# INSTRUCTIONS TO FOLLOW
Could you work out how many lines of the material below hold "vertices"? Only the number is needed.

# RECORDS SHOWN
++++++

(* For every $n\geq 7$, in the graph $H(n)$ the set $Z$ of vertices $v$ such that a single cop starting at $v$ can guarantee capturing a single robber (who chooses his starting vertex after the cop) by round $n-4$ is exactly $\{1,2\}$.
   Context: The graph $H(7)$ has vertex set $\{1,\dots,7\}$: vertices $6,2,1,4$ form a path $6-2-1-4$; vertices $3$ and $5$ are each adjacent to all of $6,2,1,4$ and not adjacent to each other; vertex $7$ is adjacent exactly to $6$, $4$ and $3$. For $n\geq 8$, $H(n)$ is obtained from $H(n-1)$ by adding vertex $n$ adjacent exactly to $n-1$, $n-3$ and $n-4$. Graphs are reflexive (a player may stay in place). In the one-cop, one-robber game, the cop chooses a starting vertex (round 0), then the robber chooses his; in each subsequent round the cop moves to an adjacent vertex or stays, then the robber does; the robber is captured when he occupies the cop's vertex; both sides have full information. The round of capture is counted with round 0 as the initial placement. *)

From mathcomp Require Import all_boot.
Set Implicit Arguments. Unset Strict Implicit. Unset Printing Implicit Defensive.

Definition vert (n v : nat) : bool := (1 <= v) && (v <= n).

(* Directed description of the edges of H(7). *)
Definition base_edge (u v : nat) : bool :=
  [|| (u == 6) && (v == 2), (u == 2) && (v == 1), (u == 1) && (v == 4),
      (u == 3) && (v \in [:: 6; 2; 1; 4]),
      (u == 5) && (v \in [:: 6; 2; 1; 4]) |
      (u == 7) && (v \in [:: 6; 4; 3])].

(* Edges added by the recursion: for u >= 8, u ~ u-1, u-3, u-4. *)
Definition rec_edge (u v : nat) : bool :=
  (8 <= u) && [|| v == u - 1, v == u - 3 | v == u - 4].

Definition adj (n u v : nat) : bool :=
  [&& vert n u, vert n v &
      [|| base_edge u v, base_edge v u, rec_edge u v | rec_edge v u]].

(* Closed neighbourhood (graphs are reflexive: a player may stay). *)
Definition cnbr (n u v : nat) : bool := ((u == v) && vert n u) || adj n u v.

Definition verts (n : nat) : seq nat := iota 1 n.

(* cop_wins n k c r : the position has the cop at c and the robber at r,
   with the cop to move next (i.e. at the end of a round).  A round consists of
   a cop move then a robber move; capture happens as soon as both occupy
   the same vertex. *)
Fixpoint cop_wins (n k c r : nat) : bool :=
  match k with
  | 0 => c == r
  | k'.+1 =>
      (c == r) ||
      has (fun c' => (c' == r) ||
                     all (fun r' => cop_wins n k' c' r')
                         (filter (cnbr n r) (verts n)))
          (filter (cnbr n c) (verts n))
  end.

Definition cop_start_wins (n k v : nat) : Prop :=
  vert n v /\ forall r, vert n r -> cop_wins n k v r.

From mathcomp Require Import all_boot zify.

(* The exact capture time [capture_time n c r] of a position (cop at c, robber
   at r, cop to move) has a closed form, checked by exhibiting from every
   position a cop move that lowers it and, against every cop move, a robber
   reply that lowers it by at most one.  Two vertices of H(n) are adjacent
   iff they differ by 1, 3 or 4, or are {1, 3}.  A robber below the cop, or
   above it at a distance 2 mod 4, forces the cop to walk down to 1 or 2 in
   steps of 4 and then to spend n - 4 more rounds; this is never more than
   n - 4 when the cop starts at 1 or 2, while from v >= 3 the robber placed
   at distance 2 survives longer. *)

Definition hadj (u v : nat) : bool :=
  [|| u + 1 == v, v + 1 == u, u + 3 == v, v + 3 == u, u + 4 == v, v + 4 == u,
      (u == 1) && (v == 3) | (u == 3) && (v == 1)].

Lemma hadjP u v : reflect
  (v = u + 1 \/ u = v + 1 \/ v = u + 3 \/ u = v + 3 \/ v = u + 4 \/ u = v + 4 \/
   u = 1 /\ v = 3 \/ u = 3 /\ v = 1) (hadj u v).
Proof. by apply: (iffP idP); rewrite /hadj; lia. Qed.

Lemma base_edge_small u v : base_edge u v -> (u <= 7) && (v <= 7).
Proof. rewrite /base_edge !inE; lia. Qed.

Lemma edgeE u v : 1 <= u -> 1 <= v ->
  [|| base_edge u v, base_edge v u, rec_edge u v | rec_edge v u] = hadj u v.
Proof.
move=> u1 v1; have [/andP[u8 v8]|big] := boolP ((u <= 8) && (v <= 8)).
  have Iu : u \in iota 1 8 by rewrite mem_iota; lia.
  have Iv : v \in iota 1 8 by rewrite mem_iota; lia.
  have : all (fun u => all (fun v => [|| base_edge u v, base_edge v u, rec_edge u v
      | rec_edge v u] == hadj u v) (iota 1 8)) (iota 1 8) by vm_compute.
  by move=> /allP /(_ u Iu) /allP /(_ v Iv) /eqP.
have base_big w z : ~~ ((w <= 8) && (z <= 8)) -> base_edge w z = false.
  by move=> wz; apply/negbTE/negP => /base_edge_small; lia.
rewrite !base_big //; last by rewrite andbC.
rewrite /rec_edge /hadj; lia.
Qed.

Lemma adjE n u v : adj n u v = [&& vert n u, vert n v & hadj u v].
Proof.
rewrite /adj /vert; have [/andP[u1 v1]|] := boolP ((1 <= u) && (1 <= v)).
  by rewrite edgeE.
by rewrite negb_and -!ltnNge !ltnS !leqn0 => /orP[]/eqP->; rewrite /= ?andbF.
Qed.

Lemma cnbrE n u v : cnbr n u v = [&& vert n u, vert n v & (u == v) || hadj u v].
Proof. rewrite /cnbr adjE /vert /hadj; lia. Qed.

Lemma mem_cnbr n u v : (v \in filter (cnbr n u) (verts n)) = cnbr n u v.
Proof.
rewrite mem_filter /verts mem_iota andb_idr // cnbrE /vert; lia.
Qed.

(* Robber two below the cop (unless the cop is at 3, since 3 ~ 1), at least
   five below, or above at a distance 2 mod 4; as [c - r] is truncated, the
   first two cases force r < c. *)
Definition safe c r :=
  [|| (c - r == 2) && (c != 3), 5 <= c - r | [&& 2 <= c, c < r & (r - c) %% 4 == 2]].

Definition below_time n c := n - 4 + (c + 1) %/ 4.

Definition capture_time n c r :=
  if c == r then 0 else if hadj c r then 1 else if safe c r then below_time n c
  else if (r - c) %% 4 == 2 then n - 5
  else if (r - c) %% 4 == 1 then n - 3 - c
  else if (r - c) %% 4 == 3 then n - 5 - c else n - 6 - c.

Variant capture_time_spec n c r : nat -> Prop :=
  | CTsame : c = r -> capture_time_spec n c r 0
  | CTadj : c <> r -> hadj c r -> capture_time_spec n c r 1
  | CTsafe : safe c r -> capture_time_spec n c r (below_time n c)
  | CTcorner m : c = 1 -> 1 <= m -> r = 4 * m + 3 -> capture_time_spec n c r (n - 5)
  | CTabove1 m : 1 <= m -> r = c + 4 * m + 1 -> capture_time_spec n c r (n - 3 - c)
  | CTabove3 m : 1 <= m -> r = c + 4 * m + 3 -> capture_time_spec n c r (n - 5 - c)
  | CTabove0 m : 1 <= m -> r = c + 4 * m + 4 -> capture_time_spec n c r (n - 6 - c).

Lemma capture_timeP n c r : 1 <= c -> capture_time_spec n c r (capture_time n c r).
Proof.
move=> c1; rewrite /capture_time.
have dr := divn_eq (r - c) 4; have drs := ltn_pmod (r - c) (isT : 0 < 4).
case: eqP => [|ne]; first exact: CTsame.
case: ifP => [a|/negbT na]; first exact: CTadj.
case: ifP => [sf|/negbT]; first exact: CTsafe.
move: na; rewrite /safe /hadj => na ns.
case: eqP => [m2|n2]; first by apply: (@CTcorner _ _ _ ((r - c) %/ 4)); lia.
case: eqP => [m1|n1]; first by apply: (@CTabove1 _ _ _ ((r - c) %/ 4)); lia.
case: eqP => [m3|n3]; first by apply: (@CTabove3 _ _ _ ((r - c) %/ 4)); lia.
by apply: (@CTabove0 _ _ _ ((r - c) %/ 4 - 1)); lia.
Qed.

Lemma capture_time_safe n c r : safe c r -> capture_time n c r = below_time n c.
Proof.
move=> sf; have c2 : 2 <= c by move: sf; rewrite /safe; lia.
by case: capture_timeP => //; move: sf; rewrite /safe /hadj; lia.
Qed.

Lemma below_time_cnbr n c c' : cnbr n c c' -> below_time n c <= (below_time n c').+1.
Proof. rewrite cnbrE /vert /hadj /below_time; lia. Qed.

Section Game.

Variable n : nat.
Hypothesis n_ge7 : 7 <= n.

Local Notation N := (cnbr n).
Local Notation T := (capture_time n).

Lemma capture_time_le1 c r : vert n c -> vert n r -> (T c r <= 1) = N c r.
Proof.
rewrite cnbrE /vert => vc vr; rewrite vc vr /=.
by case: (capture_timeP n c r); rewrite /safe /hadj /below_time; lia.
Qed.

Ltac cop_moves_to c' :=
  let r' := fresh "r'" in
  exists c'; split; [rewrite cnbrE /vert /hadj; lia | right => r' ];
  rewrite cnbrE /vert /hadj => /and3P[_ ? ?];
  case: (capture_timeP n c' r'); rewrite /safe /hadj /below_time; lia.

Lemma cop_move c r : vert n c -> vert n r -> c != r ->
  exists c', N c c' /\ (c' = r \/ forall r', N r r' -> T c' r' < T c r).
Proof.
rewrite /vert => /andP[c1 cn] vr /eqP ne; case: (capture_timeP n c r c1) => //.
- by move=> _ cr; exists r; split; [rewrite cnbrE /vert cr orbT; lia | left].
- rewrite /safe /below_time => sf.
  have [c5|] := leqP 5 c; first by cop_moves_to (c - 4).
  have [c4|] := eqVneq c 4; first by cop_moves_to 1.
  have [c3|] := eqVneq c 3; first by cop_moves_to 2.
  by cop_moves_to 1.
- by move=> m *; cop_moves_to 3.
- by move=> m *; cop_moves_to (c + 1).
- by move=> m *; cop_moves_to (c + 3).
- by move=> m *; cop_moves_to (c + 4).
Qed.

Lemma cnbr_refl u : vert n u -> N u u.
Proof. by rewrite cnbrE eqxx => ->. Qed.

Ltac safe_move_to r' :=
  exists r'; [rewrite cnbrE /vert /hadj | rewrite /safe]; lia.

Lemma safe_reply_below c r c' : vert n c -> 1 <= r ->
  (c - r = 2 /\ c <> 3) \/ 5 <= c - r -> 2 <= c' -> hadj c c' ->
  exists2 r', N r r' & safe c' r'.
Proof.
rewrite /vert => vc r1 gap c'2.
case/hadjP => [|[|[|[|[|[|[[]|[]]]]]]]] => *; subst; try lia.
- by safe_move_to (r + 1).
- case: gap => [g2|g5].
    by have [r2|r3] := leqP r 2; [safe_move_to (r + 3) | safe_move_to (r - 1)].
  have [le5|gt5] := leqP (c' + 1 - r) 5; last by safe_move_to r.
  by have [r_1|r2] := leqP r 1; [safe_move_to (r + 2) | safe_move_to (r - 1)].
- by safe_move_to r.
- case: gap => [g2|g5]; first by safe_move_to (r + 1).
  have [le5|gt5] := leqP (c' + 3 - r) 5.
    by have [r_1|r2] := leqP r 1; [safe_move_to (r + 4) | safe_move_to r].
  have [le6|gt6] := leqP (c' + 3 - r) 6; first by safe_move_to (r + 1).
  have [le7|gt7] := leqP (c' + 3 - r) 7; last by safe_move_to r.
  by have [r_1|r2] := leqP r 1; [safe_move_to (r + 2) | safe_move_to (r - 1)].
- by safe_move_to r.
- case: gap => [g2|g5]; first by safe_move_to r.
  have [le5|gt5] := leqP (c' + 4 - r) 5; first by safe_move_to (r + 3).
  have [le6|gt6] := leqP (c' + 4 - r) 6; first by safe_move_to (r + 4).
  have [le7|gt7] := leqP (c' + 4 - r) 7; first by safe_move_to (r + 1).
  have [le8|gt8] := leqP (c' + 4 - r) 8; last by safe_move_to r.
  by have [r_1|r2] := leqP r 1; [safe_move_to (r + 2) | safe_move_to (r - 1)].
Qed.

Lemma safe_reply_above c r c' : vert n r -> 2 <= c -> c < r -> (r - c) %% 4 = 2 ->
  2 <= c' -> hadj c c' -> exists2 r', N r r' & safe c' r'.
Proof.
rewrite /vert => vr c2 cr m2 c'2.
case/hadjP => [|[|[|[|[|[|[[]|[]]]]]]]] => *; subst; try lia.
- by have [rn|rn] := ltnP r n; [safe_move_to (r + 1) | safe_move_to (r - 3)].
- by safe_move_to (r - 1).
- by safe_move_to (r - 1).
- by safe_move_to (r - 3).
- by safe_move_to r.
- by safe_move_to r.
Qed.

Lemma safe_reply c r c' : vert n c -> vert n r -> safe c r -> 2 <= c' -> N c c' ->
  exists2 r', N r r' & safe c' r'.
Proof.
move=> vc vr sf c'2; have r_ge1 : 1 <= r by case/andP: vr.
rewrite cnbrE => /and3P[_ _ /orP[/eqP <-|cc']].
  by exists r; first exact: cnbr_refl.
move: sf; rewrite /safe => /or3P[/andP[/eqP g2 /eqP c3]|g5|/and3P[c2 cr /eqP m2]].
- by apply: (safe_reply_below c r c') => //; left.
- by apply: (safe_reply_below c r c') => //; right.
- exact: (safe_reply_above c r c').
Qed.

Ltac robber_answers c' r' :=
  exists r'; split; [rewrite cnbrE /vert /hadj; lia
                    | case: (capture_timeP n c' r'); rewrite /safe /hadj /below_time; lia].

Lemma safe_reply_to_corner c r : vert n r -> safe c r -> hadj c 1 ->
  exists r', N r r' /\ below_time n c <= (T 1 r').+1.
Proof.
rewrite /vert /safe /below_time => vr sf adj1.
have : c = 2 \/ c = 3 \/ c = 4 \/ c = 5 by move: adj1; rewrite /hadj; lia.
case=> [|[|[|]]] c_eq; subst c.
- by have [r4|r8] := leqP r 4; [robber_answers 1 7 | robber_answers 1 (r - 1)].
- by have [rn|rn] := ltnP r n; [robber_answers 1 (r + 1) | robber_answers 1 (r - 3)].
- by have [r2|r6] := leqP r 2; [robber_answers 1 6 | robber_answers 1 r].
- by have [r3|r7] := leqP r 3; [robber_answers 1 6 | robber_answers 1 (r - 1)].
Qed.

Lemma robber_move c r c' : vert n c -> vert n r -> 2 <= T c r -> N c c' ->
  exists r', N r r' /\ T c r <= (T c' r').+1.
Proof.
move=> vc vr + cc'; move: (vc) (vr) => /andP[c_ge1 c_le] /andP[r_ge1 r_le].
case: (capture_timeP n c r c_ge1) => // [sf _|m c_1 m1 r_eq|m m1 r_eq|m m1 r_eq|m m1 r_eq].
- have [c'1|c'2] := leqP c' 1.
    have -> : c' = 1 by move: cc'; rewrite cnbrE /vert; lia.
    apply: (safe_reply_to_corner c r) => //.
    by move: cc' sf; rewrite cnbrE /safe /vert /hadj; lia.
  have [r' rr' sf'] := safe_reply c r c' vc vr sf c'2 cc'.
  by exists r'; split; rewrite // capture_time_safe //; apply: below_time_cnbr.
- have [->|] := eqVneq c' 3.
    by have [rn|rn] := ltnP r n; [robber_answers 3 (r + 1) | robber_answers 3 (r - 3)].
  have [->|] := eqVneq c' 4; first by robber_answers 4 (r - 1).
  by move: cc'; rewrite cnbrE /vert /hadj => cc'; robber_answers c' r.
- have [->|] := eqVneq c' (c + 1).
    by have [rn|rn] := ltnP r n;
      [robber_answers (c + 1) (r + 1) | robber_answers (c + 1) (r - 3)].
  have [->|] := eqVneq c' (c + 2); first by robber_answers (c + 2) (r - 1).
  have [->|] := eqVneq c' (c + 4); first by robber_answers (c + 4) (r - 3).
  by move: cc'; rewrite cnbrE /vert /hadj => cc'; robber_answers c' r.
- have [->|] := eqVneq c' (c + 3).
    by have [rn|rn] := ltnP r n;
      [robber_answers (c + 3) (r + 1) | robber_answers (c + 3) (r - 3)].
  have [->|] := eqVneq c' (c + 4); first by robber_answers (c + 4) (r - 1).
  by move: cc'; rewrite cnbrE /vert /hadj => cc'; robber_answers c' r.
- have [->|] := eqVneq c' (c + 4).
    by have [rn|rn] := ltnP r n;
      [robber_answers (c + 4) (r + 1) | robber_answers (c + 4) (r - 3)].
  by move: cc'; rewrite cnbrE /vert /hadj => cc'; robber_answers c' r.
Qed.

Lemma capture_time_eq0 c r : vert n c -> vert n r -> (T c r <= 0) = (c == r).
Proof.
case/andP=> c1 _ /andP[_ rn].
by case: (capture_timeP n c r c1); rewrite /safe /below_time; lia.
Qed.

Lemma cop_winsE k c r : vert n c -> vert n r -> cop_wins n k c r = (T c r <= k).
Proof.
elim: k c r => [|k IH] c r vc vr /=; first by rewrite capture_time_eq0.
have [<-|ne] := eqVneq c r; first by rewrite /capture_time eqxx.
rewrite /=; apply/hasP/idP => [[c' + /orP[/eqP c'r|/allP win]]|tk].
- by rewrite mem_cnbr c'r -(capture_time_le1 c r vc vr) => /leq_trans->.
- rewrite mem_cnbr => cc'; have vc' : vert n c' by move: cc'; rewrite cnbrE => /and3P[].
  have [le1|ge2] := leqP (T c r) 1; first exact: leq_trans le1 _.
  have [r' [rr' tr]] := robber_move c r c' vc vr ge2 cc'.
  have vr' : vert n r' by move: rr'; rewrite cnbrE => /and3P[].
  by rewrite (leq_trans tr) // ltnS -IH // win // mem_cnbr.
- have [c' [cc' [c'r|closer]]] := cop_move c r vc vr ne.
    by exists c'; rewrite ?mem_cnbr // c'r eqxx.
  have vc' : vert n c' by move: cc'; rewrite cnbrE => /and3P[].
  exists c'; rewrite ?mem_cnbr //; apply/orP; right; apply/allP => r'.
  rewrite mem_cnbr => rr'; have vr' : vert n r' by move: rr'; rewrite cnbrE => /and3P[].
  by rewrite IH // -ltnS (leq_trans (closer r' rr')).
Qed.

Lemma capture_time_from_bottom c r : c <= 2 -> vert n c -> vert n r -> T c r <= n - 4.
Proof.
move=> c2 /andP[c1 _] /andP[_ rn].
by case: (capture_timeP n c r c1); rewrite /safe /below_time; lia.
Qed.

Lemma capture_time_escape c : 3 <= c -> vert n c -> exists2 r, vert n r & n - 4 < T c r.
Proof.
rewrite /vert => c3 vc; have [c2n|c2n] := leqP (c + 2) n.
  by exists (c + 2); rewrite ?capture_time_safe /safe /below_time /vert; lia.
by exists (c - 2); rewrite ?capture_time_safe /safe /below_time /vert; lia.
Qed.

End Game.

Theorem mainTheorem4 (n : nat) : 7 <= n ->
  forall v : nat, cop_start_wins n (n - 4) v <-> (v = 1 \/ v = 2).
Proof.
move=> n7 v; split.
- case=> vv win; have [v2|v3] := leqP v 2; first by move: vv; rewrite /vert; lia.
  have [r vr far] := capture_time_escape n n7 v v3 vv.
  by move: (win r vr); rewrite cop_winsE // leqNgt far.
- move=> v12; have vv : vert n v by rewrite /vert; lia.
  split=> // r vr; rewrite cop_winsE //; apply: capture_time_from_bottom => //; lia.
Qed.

++++++

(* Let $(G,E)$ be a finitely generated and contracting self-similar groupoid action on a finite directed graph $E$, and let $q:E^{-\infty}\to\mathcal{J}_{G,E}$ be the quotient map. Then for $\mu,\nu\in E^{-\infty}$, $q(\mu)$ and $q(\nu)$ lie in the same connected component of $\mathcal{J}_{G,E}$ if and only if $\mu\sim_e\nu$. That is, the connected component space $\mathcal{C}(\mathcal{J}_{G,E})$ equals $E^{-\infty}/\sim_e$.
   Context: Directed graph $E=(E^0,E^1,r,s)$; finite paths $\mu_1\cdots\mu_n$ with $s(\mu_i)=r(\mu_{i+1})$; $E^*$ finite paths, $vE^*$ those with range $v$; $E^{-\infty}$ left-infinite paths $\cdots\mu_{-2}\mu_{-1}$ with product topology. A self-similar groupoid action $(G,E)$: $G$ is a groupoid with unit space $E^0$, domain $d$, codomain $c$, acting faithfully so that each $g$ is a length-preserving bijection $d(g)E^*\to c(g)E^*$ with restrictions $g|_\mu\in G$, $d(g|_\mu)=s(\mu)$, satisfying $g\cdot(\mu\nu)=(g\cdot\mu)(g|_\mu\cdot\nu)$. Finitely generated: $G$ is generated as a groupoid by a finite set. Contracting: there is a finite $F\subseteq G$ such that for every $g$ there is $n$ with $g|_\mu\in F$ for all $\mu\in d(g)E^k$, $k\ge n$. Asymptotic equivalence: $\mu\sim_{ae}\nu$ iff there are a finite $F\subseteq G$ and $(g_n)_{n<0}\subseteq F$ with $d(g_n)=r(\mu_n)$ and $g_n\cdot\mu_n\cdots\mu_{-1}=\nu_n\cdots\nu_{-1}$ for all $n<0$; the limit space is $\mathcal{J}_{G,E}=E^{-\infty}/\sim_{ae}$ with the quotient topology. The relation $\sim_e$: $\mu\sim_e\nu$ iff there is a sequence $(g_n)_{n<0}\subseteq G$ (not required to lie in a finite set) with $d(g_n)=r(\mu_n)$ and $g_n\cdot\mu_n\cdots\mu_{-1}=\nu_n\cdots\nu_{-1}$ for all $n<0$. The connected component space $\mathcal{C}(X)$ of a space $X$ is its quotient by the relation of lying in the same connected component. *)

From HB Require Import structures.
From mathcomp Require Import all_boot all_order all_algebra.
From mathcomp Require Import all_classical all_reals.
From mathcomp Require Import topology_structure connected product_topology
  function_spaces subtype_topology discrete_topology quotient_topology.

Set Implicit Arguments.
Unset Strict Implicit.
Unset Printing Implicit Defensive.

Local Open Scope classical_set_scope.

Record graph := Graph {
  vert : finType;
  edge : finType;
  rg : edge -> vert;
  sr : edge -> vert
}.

++++++

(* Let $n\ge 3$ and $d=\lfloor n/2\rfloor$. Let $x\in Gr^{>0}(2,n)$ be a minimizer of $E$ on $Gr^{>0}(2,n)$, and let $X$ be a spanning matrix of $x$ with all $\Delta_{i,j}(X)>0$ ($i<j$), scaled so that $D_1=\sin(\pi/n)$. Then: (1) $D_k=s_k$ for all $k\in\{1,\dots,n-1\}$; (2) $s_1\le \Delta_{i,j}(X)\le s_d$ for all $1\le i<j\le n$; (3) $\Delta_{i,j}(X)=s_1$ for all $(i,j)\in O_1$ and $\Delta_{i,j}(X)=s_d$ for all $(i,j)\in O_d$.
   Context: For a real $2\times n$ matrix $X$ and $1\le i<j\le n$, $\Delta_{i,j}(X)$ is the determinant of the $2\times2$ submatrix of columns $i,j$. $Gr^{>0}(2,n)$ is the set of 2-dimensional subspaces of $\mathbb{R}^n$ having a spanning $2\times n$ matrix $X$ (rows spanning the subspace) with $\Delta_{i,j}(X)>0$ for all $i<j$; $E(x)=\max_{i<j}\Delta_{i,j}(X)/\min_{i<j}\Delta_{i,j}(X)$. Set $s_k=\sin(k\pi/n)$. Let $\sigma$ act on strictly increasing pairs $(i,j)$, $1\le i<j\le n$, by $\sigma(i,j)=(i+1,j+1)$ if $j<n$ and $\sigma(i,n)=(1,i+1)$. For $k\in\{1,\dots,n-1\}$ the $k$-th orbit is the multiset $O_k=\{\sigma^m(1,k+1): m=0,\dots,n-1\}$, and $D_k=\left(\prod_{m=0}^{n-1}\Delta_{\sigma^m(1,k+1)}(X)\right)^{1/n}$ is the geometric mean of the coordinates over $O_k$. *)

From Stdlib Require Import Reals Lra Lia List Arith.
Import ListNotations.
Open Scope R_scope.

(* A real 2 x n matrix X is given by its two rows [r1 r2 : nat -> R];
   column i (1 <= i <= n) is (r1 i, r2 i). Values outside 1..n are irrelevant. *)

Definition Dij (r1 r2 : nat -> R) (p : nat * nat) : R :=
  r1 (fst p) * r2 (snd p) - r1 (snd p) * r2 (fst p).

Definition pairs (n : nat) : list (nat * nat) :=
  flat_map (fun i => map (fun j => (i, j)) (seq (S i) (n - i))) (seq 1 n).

++++++

# WRITTEN ANSWER
3